Important Note: It is important here to note that if an individual is filing either prior year FBARs or amended FBARs, they will still need to use FinCEN’s website.

How does BSA E-Filing Work?

One of the main benefits of using the BSA E-Filing System is that it’s a safe and secure way of filing FBAR. Once you receive a user ID and password from FinCEN, individuals and organizations can easily file their BSA forms with FinCEN using a secure network.

Overall Benefits:

  • Enhances security over current manual processes through the use of SSL and user IDs/passwords.
  • Accelerates submission process to FinCEN.
  • Improves form submission management and record-keeping.

For Group Filers:

  • Eradicatesinternal routing, tape cutting, or shipping processes.
  • Does away with the manual processes associated with handling diskettes for diskette filers.
  • Rapidly delivers filing data.
  • Makes real-time checking easier.
  • Ensures faster receipt from FinCEN.

For Individual Filers:

  • Allows efficient data entry through secure electronic forms.
  • Enhances internal routing of forms when there is need of review.
  • Allows data storage.
  • Delivers acknowledgments electronically from FinCEN.
  • Improves accuracy of forms.

The FATCA Factor

Those US citizens who are living overseas and have dropped out of the tax filing system could find themselves in a difficult situation, mainly due to the non-US ban or financial accounts that they have which requires them to file an FBAR. This procedure is considered to be extremely important mainly because even the IRS now has far more harsh penalties for those who fail to file an FBAR or file their FBAR form incorrectly.
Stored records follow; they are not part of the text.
(* Let $k$ be a field of characteristic $0$, $K = k(x)$, and let $P, Q \in k[x]$ be separable polynomials of degree $\geq 1$ such that: (i) $P$ and $Q$ have no common roots; (ii) $P(0)\neq 0$ and $Q(0)\neq 0$; (iii) there is a root $x_1 \in k$ of $P$ with $x_1 Q(x_1) \in k^{\times 2}$ and a root $x_2 \in k$ of $Q$ with $x_2 P(x_2) \in k^{\times 2}$. Let $X$ be the smooth projective curve over $k$ with function field $L = K(\sqrt{xP(x)}, \sqrt{xQ(x)})$. Then $X$ admits a faithful action of $G = (\mathbb{Z}/2\mathbb{Z})^2 = \langle e_1, e_2\rangle$ by $k$-automorphisms (namely $e_1$ negates $\sqrt{xP(x)}$ and fixes $\sqrt{xQ(x)}$, $e_2$ fixes $\sqrt{xP(x)}$ and negates $\sqrt{xQ(x)}$, both fixing $x$) such that every element of $G$ fixes at least one geometric point of $X$.
   Context: Characteristic of $k$ is $0$. A curve means a geometrically irreducible smooth projective $1$-dimensional $k$-variety; a geometric point is a point of $X(\overline{k})$. *)

From HB Require Import structures.
From mathcomp Require Import all_boot all_order all_algebra all_field.
Set Implicit Arguments. Unset Strict Implicit. Unset Printing Implicit Defensive.
Import GRing.Theory.
Local Open Scope ring_scope.

(* A place of the function field L/k (k embedded in L via iota): a valuation
   ring O of L containing iota(k), O <> L.  For a smooth projective curve X
   over k with function field L, the closed points of X are in bijection
   with such places. *)
Definition is_place (k L : fieldType) (iota : k -> L) (O : L -> Prop) : Prop :=
  [/\ (forall c : k, O (iota c)),
      (forall a b, O a -> O b -> O (a - b)),
      (forall a b, O a -> O b -> O (a * b)),
      (forall a : L, O a \/ O a^-1)
    & (exists a : L, ~ O a)].

Definition place_max (L : fieldType) (O : L -> Prop) (a : L) : Prop :=
  O a /\ (a = 0 \/ ~ O a^-1).

(* The automorphism sigma of L fixes a geometric point (a point of X(kbar))
   lying over the place O: a geometric point is a pair (O, phi) with phi a
   k-embedding of the residue field of O into kbar, and sigma sends it to
   (sigma O, phi o sigma^-1); it is fixed iff sigma O = O and sigma acts
   trivially on the residue field of O. *)
Definition fixes_geometric_point (k L : fieldType) (iota : k -> L)
    (sigma : L -> L) : Prop :=
  exists O : L -> Prop,
    [/\ is_place iota O,
        (forall a, O (sigma a) <-> O a)
      & (forall a, O a -> place_max O (sigma a - a))].

From HB Require Import structures.
From mathcomp Require Import all_boot all_order all_algebra all_field.
From mathcomp Require Import ring.
From Stdlib Require Import Classical ClassicalEpsilon.
Set Implicit Arguments. Unset Strict Implicit. Unset Printing Implicit Defensive.
Import GRing.Theory.
Local Open Scope ring_scope.

(* Over K = k(t), L = K(u, v) is biquadratic: every element of L is
   (a + b u + c v + d u v) / e with a, b, c, d, e in k[t], uniquely up to scaling,
   because the norm of a + b u + c v + d u v down to K vanishes only when
   a = b = c = d = 0.  Changing the signs of b, c, d accordingly gives the four
   automorphisms.  Each nontrivial one, sigma, fixes a subfield F = k(t, w) with
   w ^+ 2 = W, and L = F(z) with z ^+ 2 = (t - r) H where H(r) W(r) != 0: for e1,
   z = u, w = v, r = x1; for e2, z = v, w = u, r = x2; for e1 e2, z = u,
   w = u v / t, r = 0.  At a place of F above t = r, t - r is a uniformizer and H a
   unit, so L/F is totally ramified there: the valuation ring O[z] of L above it is
   sigma-stable and sigma y - y lies in its maximal ideal for all y in O[z], i.e.
   sigma fixes a geometric point. *)

Lemma sqr_eq_XsubC_mul_sqr (K : fieldType) (r : K) (R X Y : {poly K}) :
  R.[r] != 0 -> X ^+ 2 = ('X - r%:P) * R * Y ^+ 2 -> X = 0 /\ Y = 0.
Proof.
(* Descent: r is a root of X, hence of Y, and dividing out t - r gives a smaller
   solution. *)
move=> Rr; elim: {Y}(size Y).+1 {-2}Y (ltnSn (size Y)) X => // n IHn Y ltYn X eqXY.
have Xr0 : 'X - r%:P != 0 :> {poly K} by rewrite polyXsubC_eq0.
have [Y0|Y0] := eqVneq Y 0.
  by move: eqXY; rewrite Y0 [0 ^+ 2]expr2 mul0r mulr0 => /eqP; rewrite sqrf_eq0 => /eqP.
exfalso.
have /factor_theorem [X1 defX] : root X r.
  have := congr1 (horner^~ r) eqXY.
  by rewrite /= !(hornerM, horner_exp) hornerXsubC subrr !mul0r => /eqP; rewrite sqrf_eq0.
have eqX1Y : X1 ^+ 2 * ('X - r%:P) = R * Y ^+ 2.
  by apply: (mulfI Xr0); rewrite [RHS]mulrA -eqXY defX; ring.
have /factor_theorem [Y1 defY] : root Y r.
  have := congr1 (horner^~ r) eqX1Y.
  rewrite /= !(hornerM, horner_exp) hornerXsubC subrr mulr0 => /esym/eqP.
  by rewrite mulf_eq0 (negbTE Rr) sqrf_eq0.
have Y10 : Y1 != 0 by apply: contraNneq Y0; rewrite defY => ->; rewrite mul0r.
have eqX1Y1 : X1 ^+ 2 = ('X - r%:P) * R * Y1 ^+ 2.
  by apply: (mulIf Xr0); rewrite eqX1Y defY; ring.
have ltY1n : (size Y1 < n)%N.
  by move: ltYn; rewrite defY size_mul ?polyXsubC_eq0 // size_XsubC addn2.
by have [_ /eqP] := IHn Y1 ltY1n X1 eqX1Y1; rewrite (negbTE Y10).
Qed.

Lemma separable_root_factor (K : fieldType) (p : {poly K}) (x : K) :
  separable_poly p -> root p x -> exists2 q, p = q * ('X - x%:P) & q.[x] != 0.
Proof.
move=> sep_p /factor_theorem[q def_p]; exists q => //.
by move: sep_p; rewrite def_p separable_root => /andP[].
Qed.

Section BiquadraticNorm.

Variables (k : fieldType) (P Q : {poly k}) (r : k).
Hypotheses (two_neq0 : 2%:R != 0 :> k) (P0 : P.[0] != 0) (Q0 : Q.[0] != 0).
Hypotheses (sepP : separable_poly P) (rootP : root P r) (Qr : Q.[r] != 0).

(* With u ^+ 2 = t P and v ^+ 2 = t Q, the norm of a + b u + c v + d u v down to
   k(t, u) is [biquad_normA] + [biquad_normB] u, and [biquad_norm] is its norm
   down to k(t). *)
Definition biquad_normA (a b c d : {poly k}) :=
  a ^+ 2 + b ^+ 2 * ('X * P) - c ^+ 2 * ('X * Q) - d ^+ 2 * ('X * P) * ('X * Q).
Definition biquad_normB (a b c d : {poly k}) :=
  2%:R * a * b - 2%:R * c * d * ('X * Q).
Definition biquad_norm (a b c d : {poly k}) :=
  biquad_normA a b c d ^+ 2 - biquad_normB a b c d ^+ 2 * ('X * P).

Let sqr_eq_X_mul_sqr (S X Y : {poly k}) :
  S.[0] != 0 -> X ^+ 2 = ('X * S) * Y ^+ 2 -> X = 0 /\ Y = 0.
Proof. by move=> S0 eqXY; apply: (sqr_eq_XsubC_mul_sqr S0); rewrite subr0 eqXY. Qed.

Let sqr_eq_PQ_mul_sqr (X Y : {poly k}) : X ^+ 2 = (P * Q) * Y ^+ 2 -> X = 0 /\ Y = 0.
Proof.
have [P1 defP P1r] := separable_root_factor sepP rootP.
have P1Qr : (P1 * Q).[r] != 0 by rewrite hornerM mulf_neq0.
by move=> eqXY; apply: (sqr_eq_XsubC_mul_sqr P1Qr); rewrite eqXY defP; ring.
Qed.

Let mul2I : injective (fun x : {poly k} => 2%:R * x).
Proof. by apply: mulfI; rewrite -polyC_natr polyC_eq0. Qed.

Let XP_neq0 : 'X * P != 0.
Proof. by rewrite mulf_neq0 ?polyX_eq0 //; apply: contraNneq P0 => ->; rewrite horner0. Qed.

Lemma biquad_norm_eq0 a b c d :
  biquad_norm a b c d = 0 -> [/\ a = 0, b = 0, c = 0 & d = 0].
Proof.
move=> /eqP; rewrite subr_eq0 mulrC => /eqP /(sqr_eq_X_mul_sqr P0) [normA0 normB0].
(* normA0 and normB0 say (a + b u) ^+ 2 = t Q (c + d u) ^+ 2; taking norms down to
   k(t) gives the identity of squares below. *)
have eq_ab_cd : a * b = c * d * ('X * Q).
  by apply: mul2I; apply/eqP; rewrite -subr_eq0 -normB0 /biquad_normB; apply/eqP; ring.
have eq_sum : a ^+ 2 + b ^+ 2 * ('X * P) = ('X * Q) * (c ^+ 2 + d ^+ 2 * ('X * P)).
  by apply/eqP; rewrite -subr_eq0 -normA0 /biquad_normA; apply/eqP; ring.
have /eqP : (a ^+ 2 - b ^+ 2 * ('X * P)) ^+ 2 = (('X * Q) * (c ^+ 2 - d ^+ 2 * ('X * P))) ^+ 2.
  transitivity ((a ^+ 2 + b ^+ 2 * ('X * P)) ^+ 2 - 4%:R * (a * b) ^+ 2 * ('X * P)).
    by ring.
  by rewrite eq_sum eq_ab_cd; ring.
have twice_a2 : 2%:R * a ^+ 2 = (a ^+ 2 + b ^+ 2 * ('X * P)) + (a ^+ 2 - b ^+ 2 * ('X * P)).
  by ring.
rewrite eqf_sqr => /orP[] /eqP eq_diff.
- have /(sqr_eq_X_mul_sqr Q0) [a0 c0] : a ^+ 2 = ('X * Q) * c ^+ 2.
    by apply: mul2I; rewrite /= twice_a2 eq_sum eq_diff; ring.
  have /(sqr_eq_X_mul_sqr Q0) [b0 d0] : b ^+ 2 = ('X * Q) * d ^+ 2.
    apply: (mulIf XP_neq0); move: eq_sum; rewrite a0 c0 => eq_sum.
    by transitivity (0 ^+ 2 + b ^+ 2 * ('X * P)); [ring | rewrite eq_sum; ring].
  by [].
- have /sqr_eq_PQ_mul_sqr [a0 /eqP] : a ^+ 2 = (P * Q) * ('X * d) ^+ 2.
    by apply: mul2I; rewrite /= twice_a2 eq_sum eq_diff; ring.
  rewrite mulf_eq0 polyX_eq0 => /eqP d0.
  have /sqr_eq_PQ_mul_sqr [/eqP bP0 c0] : (b * P) ^+ 2 = (P * Q) * c ^+ 2.
    apply: (mulIf XP_neq0); move: eq_sum; rewrite a0 d0 => eq_sum.
    by transitivity ((0 ^+ 2 + b ^+ 2 * ('X * P)) * P ^+ 2); [ring | rewrite eq_sum; ring].
  have P_neq0 : P != 0 by apply: contraNneq P0 => ->; rewrite horner0.
  by move: bP0; rewrite mulf_eq0 (negbTE P_neq0) orbF => /eqP.
Qed.

End BiquadraticNorm.

Lemma fixes_geometric_point_id (k L : fieldType) (iota : k -> L) (sigma : L -> L) :
  fixes_geometric_point iota sigma -> fixes_geometric_point iota id.
Proof.
case=> O [placeO _ _]; exists O; split=> // a Oa.
have [O_const O_sub _ _ _] := placeO.
have O0 : O 0 by rewrite -(subrr (iota 0)); apply: O_sub.
by rewrite subrr; split; last left.
Qed.

(* O is a discrete valuation ring of the subfield F = inF of L with uniformizer pi,
   and L = F(w) with w ^+ 2 = pi h for a unit h of O.  Then O[w] is a valuation
   ring of L, and since sigma z - z lies in w O[w] the conjugation sigma acts
   trivially on its residue field. *)
Section RamifiedQuadraticExtension.

Variables (k L : fieldType) (iota : {rmorphism k -> L}).
Variables (inF O : L -> Prop) (pi h w : L) (sigma : L -> L).
Hypotheses (inF_sub : forall a b, inF a -> inF b -> inF (a - b))
  (inF_mul : forall a b, inF a -> inF b -> inF (a * b))
  (inF_inv : forall a, inF a -> inF a^-1).
Hypotheses (O_inF : forall a, O a -> inF a) (O_const : forall c, O (iota c))
  (O_sub : forall a b, O a -> O b -> O (a - b))
  (O_mul : forall a b, O a -> O b -> O (a * b)).
Hypotheses (O_pi : O pi) (O_pi_inv : ~ O pi^-1).
Hypothesis uniformizer : forall z, inF z -> z != 0 ->
  (O z /\ O z^-1) \/ O (z / pi) \/ O (z^-1 / pi).
Hypotheses (O_h : O h) (O_h_inv : O h^-1) (h_neq0 : h != 0).
Hypothesis w_sqr : w ^+ 2 = pi * h.
Hypothesis decomp : forall z, exists a b, [/\ inF a, inF b & z = a + b * w].
Hypothesis decomp_uniq : forall a b, inF a -> inF b -> a + b * w = 0 -> a = 0 /\ b = 0.
Hypothesis sigma_conj : forall a b, inF a -> inF b -> sigma (a + b * w) = a - b * w.

Definition Ow z := exists a b, [/\ O a, O b & z = a + b * w].

Let O0 : O 0. Proof. by rewrite -(subrr pi); apply: O_sub. Qed.
Let O1 : O 1. Proof. by rewrite -(rmorph1 iota). Qed.
Let ON a : O a -> O (- a). Proof. by rewrite -sub0r; apply: O_sub. Qed.
Let OD a b : O a -> O b -> O (a + b).
Proof. by move=> Oa Ob; rewrite -[b]opprK; apply/O_sub/ON. Qed.
Let inF0 : inF 0. Proof. exact: O_inF O0. Qed.

Let pi_neq0 : pi != 0.
Proof. by apply: contra_not_neq O_pi_inv => ->; rewrite invr0. Qed.

Let w_neq0 : w != 0.
Proof. by rewrite -sqrf_eq0 w_sqr mulf_neq0. Qed.

Let invw : w^-1 = h^-1 / pi * w.
Proof.
apply: (mulfI w_neq0); rewrite mulfV // mulrCA -expr2 w_sqr.
by field; rewrite h_neq0 pi_neq0.
Qed.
The importance of filling an FBAR cannot be understated, especially because of the FATCA or the Foreign Account Tax Compliance Act that was introduced back in 2014. According to the FATCO, certain information is required to be collected by foreign financial institutions. The information that is required to be collected, pertaining to the assets of US persons in a country will then be relayed either directly or indirectly by the local government authority to the IRS. Under the FATCA rules, it has become easier for the IRS to cross-reference any information that has been provided by an individual’s tax returns (Form 1040) and the foreign financial institutions to ensure whether or not a person has shared the correct information on their tax form and FBAR form.

The first information reports were sent to the IRS back in 2015, and the reporting system has only gotten stronger. What this means is if the IRS learns of non-compliance of a tax payer from a financial institution, the taxpayer will get disqualified from entering an IRS Voluntary Disclosure initiative. For those who are staring at potential criminal tax exposure, this can mean either serious prison time or staying out of jail. The IRS may assess an inflation-adjusted civil penalty which does not exceed $12,459 per violation, for non-willful violations that are not due to reasonable cause.

Ending Note

For those who need a gentle nudge, any person who is required to file an FBAR and fails to do so will be subject to a civil that can otherwise avoided altogether if a person files an FBAR. On the other hand, if there is a reasonable cause for the failure, but account is properly reported there will be no penalty. But, any individual who willfully fails to report an account while filing an FBAR will be subject to a civil monetary penalty equal to the greater of $100,000, or 50% of the balance in the account at the time of the violation. According to FinCEN’s website, more than 1 million FBAR filings were filed in 2015 alone. Contrary to what is believed by many, the FBAR is only an informational document, which means, no additional tax will be added, but US tax payers may find themselves having to pay penalties if they choose not to file an FBAR.